Top of SOURCE MATERIAL

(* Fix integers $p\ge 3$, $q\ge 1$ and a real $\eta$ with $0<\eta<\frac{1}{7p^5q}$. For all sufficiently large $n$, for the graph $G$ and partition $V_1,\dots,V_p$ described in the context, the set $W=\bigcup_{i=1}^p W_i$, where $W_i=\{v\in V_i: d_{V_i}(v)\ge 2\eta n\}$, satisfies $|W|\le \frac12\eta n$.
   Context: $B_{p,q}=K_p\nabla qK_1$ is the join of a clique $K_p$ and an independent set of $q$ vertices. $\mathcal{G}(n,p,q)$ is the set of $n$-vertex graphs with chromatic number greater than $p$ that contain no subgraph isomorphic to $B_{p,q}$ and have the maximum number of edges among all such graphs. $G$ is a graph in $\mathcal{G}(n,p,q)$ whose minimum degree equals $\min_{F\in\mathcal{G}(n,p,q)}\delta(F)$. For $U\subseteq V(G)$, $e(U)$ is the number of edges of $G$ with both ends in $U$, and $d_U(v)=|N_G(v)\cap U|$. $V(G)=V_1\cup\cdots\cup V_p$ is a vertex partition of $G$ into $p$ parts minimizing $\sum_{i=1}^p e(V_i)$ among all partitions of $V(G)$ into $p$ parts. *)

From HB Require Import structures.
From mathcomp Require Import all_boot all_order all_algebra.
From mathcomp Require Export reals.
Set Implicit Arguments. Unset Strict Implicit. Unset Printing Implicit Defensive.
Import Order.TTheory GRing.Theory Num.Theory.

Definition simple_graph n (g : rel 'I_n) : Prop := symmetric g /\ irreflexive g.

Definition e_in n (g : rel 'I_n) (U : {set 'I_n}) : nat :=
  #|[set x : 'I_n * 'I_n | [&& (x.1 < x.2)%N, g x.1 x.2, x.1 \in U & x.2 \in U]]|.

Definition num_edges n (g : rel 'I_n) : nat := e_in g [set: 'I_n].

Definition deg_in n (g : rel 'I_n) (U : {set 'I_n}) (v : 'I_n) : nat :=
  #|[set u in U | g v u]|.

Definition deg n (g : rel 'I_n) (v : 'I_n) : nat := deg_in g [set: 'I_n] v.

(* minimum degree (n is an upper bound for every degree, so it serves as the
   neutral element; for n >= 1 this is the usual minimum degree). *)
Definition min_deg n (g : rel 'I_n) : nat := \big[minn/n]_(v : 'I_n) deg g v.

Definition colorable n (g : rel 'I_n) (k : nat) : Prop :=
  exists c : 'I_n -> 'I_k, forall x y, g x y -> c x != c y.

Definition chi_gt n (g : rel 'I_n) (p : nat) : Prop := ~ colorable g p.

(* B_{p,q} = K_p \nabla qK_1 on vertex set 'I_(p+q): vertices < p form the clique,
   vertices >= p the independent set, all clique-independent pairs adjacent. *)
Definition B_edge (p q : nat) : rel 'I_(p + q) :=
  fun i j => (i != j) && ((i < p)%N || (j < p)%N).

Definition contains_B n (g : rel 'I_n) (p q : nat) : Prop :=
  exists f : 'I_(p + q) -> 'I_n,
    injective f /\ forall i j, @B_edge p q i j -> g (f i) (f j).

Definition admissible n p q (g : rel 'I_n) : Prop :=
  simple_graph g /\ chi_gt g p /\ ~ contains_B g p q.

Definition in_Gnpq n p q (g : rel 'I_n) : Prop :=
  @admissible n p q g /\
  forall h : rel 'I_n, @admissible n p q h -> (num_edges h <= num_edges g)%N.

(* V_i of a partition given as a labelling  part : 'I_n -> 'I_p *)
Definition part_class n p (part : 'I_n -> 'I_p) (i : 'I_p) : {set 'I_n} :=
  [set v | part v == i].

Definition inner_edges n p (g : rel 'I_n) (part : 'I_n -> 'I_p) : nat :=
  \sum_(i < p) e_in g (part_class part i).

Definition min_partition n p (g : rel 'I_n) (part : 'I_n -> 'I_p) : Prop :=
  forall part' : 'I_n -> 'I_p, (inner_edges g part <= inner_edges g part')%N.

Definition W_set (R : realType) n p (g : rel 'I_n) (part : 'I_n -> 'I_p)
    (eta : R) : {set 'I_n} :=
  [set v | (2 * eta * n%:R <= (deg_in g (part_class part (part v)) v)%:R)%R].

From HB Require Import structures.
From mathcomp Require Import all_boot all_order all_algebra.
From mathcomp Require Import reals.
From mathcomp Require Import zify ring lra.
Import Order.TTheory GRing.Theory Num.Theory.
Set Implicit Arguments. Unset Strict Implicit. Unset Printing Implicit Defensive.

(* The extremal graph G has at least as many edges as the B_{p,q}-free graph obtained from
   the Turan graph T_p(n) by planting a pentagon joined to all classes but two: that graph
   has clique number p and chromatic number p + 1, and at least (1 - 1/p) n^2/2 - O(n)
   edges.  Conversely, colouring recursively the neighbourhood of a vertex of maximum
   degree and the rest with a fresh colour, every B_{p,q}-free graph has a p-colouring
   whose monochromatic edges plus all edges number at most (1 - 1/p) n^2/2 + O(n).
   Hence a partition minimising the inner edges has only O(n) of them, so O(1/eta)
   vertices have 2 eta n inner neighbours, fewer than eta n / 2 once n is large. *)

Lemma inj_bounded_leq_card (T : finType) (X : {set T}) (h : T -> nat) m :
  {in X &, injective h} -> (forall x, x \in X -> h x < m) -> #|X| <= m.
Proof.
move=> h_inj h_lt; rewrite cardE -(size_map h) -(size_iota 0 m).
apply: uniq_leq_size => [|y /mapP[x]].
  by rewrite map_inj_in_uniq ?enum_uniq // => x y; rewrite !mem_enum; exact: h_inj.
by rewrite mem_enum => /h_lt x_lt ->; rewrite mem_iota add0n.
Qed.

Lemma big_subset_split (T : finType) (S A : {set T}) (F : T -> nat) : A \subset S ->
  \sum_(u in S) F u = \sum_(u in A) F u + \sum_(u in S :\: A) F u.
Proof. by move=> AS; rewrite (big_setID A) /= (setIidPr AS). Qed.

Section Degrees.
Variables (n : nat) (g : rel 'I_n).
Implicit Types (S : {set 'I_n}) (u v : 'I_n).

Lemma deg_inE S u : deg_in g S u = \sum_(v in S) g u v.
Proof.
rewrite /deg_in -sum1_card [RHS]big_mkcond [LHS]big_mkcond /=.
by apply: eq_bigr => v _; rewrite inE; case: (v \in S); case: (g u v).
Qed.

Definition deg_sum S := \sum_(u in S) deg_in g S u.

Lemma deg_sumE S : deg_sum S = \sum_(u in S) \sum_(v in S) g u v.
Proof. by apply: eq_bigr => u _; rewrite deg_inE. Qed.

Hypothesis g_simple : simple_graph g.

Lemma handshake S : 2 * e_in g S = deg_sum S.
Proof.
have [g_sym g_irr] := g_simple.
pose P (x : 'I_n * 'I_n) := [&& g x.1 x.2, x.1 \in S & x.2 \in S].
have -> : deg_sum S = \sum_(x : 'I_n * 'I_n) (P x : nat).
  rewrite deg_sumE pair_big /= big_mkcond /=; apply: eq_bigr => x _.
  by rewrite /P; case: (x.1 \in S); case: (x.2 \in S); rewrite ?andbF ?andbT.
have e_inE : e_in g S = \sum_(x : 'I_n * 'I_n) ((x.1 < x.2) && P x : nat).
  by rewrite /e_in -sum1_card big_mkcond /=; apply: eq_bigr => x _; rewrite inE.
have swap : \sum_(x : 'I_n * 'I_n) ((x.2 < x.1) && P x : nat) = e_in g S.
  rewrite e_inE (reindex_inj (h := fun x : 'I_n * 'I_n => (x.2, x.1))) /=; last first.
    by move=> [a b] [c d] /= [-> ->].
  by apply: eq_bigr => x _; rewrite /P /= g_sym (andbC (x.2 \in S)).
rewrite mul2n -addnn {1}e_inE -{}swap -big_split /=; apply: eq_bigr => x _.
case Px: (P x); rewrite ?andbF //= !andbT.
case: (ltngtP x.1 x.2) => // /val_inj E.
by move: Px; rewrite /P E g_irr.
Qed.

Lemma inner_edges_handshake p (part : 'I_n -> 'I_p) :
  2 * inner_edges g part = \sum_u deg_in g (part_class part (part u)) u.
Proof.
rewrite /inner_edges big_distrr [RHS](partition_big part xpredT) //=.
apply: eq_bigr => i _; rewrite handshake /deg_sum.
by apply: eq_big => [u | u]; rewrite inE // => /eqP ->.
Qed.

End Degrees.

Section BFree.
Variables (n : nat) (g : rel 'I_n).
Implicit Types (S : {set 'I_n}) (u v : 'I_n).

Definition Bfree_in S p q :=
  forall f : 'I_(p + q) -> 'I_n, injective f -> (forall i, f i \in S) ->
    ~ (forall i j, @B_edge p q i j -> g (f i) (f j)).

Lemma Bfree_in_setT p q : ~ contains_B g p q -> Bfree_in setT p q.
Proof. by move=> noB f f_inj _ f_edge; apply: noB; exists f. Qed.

Bottom of SOURCE MATERIAL
Top of SOURCE MATERIAL

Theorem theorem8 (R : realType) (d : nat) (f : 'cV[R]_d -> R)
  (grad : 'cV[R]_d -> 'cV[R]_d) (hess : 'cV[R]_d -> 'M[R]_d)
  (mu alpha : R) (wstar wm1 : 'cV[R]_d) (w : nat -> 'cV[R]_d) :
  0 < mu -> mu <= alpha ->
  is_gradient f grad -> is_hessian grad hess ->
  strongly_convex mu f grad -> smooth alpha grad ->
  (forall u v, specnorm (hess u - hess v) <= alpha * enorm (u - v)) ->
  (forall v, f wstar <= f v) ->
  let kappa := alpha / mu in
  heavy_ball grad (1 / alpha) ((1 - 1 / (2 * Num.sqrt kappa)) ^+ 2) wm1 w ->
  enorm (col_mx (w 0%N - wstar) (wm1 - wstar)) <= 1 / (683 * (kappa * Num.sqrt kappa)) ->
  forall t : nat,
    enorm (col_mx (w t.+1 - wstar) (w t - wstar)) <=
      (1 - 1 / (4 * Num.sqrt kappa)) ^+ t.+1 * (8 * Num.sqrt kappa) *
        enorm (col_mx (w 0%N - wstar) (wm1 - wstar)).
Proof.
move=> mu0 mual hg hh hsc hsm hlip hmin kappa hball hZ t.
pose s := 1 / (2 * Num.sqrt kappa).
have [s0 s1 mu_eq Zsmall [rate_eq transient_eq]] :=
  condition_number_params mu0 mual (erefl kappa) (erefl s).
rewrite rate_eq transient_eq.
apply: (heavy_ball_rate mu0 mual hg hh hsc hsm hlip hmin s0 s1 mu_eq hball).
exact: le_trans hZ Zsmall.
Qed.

Bottom of SOURCE MATERIAL
Top of SOURCE MATERIAL

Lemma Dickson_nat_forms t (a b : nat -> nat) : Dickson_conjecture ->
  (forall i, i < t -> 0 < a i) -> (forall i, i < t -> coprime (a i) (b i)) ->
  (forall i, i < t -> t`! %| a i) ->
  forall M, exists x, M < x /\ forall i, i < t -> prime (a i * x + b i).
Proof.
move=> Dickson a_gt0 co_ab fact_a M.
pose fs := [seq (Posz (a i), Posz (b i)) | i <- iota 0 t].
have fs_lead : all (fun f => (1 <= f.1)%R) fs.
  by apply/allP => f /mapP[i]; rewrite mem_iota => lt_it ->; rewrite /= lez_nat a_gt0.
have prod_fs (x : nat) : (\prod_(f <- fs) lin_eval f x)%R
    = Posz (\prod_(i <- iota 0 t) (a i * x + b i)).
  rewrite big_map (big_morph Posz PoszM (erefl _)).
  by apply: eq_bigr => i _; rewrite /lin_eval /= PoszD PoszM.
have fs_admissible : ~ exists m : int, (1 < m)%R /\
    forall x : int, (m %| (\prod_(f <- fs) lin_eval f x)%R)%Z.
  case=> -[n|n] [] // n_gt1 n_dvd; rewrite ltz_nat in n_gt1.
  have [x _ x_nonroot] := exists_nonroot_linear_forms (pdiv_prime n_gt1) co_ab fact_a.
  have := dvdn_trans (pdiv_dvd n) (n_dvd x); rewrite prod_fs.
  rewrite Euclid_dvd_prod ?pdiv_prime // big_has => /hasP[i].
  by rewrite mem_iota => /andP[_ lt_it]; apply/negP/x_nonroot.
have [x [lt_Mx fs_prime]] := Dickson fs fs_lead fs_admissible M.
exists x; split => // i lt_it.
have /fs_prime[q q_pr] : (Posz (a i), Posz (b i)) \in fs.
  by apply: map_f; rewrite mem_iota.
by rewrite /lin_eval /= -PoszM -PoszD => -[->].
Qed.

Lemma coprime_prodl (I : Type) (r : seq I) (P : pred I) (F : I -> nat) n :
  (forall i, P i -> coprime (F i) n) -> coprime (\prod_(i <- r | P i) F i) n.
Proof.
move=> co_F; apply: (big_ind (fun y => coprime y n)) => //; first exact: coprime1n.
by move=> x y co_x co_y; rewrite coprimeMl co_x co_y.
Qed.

Bottom of SOURCE MATERIAL

- _TASK DIRECTIONS_
Show all lines from the records above where the word "minimum" occurs.

- _RESPONSE BELOW_
   Context: $B_{p,q}=K_p\nabla qK_1$ is the join of a clique $K_p$ and an independent set of $q$ vertices. $\mathcal{G}(n,p,q)$ is the set of $n$-vertex graphs with chromatic number greater than $p$ that contain no subgraph isomorphic to $B_{p,q}$ and have the maximum number of edges among all such graphs. $G$ is a graph in $\mathcal{G}(n,p,q)$ whose minimum degree equals $\min_{F\in\mathcal{G}(n,p,q)}\delta(F)$. For $U\subseteq V(G)$, $e(U)$ is the number of edges of $G$ with both ends in $U$, and $d_U(v)=|N_G(v)\cap U|$. $V(G)=V_1\cup\cdots\cup V_p$ is a vertex partition of $G$ into $p$ parts minimizing $\sum_{i=1}^p e(V_i)$ among all partitions of $V(G)$ into $p$ parts. *)
(* minimum degree (n is an upper bound for every degree, so it serves as the
   neutral element; for n >= 1 this is the usual minimum degree). *)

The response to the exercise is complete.